What to produce: Using the records below, filter for lines that contain the string "described" and copy them out.

Data entries
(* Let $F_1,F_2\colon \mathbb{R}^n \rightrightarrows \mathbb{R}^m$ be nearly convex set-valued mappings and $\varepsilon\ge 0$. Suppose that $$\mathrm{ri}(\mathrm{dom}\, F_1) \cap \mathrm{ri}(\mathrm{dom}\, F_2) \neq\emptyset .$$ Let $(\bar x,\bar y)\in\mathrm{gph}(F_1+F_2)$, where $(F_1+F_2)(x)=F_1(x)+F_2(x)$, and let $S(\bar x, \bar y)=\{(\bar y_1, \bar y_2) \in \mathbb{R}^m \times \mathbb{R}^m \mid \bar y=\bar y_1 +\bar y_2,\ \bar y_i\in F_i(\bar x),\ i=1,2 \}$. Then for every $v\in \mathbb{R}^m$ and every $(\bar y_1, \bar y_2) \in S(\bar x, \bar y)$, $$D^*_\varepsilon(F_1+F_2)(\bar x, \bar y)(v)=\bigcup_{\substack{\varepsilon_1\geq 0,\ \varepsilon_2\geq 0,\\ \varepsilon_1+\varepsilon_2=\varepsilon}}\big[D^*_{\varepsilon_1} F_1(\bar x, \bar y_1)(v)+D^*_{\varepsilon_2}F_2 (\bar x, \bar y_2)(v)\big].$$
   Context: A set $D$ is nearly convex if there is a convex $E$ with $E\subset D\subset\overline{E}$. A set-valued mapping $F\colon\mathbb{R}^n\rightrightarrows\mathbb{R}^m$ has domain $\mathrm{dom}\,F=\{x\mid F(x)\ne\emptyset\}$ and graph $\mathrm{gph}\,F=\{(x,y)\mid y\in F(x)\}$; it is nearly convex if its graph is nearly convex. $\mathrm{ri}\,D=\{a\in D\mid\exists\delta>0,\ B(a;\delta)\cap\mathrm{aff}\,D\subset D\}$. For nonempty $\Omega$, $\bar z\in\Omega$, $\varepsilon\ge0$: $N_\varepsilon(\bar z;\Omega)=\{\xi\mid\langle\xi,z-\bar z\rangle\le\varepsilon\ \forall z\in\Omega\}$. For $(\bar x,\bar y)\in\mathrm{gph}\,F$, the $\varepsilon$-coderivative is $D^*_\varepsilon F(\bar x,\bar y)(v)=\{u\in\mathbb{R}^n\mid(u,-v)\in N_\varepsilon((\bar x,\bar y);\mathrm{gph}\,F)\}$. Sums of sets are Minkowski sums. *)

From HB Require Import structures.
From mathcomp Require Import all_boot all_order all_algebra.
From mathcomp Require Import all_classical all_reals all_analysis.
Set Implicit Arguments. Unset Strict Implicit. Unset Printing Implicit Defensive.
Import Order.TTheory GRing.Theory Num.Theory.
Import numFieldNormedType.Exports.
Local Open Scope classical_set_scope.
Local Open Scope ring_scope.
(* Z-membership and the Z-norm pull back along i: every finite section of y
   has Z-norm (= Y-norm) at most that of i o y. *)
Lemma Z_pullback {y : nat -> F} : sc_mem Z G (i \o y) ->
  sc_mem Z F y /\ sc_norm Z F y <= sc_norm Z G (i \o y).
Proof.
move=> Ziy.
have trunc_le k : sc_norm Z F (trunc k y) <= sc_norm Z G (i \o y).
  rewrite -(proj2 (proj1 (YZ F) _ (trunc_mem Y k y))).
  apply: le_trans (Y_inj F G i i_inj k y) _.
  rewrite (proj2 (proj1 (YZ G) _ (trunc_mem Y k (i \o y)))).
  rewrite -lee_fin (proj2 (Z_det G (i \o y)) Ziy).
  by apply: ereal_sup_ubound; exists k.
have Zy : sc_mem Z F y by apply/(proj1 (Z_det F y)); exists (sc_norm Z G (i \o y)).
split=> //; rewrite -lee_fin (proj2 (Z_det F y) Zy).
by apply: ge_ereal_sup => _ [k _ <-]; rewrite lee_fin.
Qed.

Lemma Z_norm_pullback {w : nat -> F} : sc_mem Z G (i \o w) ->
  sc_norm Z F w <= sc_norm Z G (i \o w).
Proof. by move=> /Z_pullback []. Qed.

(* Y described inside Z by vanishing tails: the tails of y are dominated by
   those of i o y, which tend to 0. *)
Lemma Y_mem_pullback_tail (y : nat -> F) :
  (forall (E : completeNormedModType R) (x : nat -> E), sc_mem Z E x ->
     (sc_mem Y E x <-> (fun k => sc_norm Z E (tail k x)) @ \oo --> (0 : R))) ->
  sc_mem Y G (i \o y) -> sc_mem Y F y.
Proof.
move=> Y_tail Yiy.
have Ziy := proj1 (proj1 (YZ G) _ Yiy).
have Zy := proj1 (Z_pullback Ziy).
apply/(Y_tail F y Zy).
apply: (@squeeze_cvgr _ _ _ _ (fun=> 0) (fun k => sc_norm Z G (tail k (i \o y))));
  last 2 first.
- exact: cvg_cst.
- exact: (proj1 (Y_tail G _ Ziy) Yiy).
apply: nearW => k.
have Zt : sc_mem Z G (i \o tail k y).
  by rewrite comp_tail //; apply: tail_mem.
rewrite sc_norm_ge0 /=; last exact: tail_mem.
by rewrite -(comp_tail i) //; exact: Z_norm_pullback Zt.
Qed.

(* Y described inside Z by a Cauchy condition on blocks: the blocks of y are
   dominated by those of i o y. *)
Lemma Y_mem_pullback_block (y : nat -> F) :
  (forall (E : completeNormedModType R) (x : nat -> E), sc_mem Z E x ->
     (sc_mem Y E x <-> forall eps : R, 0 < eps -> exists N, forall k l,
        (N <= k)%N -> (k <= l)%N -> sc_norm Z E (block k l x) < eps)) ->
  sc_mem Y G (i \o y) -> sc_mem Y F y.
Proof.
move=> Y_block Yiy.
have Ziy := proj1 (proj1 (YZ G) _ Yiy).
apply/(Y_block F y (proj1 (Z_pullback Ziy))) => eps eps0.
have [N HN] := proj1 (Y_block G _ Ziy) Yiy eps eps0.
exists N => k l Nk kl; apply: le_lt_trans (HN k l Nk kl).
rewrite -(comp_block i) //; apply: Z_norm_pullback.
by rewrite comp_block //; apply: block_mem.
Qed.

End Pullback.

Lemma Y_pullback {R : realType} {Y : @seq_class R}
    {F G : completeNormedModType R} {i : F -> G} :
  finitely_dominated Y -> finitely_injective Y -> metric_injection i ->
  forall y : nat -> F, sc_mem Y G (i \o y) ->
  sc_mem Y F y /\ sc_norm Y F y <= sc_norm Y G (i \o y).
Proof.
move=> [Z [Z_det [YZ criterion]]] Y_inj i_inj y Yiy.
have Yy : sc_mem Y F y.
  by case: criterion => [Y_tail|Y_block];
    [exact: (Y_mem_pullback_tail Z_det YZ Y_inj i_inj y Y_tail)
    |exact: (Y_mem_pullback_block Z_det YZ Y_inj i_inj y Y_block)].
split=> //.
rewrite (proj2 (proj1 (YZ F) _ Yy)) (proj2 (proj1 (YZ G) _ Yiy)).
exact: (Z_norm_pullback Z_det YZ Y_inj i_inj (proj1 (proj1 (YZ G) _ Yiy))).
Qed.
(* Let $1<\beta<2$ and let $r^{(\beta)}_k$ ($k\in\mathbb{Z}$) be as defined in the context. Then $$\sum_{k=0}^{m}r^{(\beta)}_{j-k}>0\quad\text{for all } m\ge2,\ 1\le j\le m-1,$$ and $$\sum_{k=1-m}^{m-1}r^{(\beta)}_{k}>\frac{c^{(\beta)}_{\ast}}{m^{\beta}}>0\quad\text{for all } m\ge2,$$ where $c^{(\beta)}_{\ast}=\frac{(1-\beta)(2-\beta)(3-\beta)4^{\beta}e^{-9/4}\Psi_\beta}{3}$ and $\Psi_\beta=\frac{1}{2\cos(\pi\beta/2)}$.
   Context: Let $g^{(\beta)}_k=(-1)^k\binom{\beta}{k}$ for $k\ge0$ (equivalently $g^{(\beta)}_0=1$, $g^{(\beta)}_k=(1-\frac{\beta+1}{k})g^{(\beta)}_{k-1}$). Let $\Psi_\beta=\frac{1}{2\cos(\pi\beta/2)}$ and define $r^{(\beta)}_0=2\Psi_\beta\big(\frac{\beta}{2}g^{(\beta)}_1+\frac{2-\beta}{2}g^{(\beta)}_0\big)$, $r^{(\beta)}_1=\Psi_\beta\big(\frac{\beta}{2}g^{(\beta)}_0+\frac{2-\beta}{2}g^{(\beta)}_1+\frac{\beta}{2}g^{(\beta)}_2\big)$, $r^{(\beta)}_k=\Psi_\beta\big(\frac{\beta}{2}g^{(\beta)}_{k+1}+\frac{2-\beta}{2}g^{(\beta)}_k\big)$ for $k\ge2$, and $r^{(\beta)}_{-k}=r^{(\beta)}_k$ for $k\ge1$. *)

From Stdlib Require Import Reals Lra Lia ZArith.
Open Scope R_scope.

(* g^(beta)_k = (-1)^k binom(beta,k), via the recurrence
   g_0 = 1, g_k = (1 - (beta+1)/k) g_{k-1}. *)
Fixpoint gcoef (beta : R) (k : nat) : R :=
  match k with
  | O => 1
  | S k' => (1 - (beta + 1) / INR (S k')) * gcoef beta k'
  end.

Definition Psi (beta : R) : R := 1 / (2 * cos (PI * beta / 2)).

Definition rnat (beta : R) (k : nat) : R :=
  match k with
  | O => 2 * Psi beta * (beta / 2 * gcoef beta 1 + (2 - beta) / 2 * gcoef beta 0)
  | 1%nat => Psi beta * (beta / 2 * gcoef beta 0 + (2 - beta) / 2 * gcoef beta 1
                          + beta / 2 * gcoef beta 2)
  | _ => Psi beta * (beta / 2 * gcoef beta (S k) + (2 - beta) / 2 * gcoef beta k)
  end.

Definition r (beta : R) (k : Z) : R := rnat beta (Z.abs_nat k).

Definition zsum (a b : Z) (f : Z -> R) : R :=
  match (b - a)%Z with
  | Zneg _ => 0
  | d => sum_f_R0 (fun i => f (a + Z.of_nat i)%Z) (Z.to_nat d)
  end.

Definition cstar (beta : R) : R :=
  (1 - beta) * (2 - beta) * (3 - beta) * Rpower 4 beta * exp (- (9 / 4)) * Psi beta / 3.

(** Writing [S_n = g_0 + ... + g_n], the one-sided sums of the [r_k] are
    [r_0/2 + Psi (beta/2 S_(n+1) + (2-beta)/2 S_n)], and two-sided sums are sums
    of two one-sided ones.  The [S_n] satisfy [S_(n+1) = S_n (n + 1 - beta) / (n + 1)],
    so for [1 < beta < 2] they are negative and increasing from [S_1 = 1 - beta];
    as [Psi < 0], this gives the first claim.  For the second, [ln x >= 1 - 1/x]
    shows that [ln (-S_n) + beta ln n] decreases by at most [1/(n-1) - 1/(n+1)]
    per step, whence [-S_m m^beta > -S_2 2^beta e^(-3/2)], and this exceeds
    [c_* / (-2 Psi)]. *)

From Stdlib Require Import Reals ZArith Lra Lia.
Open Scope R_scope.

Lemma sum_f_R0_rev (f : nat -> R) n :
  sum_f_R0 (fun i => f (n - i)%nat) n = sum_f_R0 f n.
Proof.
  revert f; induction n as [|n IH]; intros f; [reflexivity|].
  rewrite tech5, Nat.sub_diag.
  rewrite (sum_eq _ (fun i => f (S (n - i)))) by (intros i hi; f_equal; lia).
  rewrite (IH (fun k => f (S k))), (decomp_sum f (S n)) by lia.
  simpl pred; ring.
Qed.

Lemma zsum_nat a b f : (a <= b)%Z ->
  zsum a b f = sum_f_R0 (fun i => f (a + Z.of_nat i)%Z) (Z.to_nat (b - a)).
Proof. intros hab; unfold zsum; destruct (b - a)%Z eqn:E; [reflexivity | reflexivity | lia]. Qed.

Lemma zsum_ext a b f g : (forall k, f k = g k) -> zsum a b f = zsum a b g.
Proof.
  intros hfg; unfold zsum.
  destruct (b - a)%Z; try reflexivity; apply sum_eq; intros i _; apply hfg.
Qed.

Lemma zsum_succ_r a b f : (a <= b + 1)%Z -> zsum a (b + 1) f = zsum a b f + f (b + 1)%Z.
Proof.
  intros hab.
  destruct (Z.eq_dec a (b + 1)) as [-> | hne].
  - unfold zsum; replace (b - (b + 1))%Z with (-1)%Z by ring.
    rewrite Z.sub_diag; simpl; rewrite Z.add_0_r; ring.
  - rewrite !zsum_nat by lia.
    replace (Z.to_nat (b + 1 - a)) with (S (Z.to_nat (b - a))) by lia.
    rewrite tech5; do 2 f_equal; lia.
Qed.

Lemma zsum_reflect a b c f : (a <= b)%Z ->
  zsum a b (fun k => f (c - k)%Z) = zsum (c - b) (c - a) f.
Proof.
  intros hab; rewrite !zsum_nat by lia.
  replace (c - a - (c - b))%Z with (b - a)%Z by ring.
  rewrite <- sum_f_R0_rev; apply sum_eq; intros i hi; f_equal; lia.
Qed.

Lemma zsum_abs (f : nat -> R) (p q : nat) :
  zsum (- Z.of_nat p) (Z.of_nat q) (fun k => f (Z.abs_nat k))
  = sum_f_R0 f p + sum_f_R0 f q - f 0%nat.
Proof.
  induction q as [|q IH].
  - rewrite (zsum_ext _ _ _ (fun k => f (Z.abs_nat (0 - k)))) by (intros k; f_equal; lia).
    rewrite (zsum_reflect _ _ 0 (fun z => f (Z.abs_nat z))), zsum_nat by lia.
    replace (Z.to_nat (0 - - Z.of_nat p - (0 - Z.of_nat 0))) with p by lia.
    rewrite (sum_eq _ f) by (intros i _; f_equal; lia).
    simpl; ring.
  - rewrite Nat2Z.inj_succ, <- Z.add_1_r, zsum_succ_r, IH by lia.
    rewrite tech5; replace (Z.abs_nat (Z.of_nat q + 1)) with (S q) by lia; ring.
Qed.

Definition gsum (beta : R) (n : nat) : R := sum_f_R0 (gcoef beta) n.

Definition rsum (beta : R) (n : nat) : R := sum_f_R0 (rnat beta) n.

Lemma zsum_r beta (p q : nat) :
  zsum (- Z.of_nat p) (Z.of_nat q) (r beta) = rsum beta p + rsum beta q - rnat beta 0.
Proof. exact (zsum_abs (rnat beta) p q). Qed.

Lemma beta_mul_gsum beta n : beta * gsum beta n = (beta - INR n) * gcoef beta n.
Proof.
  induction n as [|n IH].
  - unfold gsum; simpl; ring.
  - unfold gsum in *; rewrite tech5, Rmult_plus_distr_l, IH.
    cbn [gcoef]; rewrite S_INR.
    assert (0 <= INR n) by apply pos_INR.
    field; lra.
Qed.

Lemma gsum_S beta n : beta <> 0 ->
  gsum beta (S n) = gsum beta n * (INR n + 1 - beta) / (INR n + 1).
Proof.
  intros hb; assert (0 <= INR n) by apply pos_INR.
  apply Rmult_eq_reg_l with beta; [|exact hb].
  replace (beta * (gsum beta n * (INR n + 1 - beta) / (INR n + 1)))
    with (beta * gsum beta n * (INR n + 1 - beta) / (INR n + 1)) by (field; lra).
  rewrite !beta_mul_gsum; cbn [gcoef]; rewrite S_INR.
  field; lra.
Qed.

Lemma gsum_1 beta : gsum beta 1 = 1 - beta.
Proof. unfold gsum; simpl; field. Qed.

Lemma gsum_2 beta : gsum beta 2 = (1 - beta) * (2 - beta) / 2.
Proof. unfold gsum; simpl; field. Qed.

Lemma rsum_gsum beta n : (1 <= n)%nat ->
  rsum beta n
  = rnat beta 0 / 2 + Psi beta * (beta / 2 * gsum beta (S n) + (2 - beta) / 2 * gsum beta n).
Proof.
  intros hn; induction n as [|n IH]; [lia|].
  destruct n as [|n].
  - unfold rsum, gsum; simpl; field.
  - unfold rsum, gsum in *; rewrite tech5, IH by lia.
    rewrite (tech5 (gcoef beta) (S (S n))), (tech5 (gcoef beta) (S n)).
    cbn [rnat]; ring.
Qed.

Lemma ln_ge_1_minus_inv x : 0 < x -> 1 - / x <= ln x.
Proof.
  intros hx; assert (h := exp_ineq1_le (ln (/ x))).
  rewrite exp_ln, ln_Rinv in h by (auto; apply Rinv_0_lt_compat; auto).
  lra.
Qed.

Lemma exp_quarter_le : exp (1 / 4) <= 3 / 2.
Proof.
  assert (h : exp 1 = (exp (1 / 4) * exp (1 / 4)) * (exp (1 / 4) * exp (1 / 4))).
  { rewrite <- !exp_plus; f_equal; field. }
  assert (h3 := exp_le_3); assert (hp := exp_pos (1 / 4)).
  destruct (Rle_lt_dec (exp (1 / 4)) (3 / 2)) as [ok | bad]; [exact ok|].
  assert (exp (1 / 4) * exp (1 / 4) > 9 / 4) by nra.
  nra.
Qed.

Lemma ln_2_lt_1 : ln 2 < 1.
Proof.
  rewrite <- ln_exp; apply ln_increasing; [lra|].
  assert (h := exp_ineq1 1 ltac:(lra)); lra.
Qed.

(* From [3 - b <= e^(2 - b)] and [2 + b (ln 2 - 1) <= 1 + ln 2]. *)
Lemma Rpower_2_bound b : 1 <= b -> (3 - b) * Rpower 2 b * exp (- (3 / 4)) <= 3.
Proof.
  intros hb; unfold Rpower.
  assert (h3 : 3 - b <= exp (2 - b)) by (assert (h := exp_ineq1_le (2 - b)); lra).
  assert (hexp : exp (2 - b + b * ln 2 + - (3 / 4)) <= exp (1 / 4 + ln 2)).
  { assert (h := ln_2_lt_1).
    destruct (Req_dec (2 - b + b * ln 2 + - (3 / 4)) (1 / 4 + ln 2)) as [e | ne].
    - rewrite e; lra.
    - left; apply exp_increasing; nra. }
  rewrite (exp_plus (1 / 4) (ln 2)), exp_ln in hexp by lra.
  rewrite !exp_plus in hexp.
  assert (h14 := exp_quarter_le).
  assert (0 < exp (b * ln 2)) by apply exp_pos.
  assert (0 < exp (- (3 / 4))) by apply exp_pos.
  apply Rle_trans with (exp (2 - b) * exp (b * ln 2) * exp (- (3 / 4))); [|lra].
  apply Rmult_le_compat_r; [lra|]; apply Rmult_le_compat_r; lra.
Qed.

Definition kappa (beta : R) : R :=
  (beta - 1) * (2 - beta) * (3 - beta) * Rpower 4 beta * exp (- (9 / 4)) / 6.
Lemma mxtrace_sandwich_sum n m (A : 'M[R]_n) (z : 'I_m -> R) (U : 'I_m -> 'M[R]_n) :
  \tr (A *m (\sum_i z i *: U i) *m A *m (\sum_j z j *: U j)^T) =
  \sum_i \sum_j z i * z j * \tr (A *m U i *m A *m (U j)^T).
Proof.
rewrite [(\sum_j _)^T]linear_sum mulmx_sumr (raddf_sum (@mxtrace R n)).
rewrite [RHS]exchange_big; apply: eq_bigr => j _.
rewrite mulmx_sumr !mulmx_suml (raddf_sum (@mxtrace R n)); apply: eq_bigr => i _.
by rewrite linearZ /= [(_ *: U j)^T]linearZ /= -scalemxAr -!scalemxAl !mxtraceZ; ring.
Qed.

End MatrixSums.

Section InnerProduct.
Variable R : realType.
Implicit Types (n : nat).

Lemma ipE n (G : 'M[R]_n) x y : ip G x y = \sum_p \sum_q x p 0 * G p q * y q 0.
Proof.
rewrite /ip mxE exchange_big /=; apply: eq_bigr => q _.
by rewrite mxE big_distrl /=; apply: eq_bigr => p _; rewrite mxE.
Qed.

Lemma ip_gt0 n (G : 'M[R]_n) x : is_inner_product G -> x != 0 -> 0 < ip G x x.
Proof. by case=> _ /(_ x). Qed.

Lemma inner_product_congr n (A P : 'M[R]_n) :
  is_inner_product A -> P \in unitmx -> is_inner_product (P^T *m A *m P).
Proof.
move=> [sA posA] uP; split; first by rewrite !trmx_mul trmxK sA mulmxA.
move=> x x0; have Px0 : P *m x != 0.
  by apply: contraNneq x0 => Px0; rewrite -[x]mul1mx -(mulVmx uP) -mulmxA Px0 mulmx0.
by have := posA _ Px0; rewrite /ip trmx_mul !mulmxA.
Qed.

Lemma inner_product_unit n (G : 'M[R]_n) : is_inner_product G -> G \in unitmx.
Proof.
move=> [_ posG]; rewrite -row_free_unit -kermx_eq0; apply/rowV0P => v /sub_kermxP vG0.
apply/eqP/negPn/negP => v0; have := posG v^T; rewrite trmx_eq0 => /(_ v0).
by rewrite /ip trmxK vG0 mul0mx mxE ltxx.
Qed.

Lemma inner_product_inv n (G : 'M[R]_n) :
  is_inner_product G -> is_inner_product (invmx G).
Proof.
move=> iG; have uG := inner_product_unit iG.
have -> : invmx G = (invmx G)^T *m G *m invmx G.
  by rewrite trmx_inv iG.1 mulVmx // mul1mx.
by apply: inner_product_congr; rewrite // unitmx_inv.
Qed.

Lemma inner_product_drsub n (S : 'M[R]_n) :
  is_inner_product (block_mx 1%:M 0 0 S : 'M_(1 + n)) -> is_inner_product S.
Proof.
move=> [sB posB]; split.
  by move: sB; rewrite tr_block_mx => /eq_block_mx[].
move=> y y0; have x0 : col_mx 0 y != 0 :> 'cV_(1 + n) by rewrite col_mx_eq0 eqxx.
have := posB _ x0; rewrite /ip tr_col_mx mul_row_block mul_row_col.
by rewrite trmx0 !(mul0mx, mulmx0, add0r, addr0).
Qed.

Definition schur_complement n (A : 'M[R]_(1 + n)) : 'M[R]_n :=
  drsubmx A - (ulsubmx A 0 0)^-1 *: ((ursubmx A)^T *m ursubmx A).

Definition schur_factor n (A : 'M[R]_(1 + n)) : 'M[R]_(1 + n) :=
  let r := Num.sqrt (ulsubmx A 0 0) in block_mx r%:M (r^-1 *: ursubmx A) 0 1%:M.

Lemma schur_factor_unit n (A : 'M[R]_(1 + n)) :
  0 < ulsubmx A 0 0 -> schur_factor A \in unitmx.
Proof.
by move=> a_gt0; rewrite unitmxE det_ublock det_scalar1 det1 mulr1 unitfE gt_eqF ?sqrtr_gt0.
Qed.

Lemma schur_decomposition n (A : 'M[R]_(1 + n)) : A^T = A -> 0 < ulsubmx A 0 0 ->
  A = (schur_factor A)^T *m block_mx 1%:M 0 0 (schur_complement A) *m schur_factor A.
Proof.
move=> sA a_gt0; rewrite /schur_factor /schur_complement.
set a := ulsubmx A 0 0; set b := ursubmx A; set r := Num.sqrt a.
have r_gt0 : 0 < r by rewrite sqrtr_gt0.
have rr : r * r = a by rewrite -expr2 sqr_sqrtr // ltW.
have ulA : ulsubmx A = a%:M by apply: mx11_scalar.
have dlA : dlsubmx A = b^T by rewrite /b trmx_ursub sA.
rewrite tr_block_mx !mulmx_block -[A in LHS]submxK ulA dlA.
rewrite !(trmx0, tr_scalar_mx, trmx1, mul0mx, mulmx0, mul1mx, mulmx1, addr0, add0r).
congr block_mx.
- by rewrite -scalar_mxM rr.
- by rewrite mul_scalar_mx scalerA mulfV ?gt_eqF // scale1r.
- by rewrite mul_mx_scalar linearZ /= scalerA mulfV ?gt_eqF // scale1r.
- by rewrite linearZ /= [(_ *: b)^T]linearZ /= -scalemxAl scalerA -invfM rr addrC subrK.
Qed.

Solution:
(* Y described inside Z by vanishing tails: the tails of y are dominated by
(* Y described inside Z by a Cauchy condition on blocks: the blocks of y are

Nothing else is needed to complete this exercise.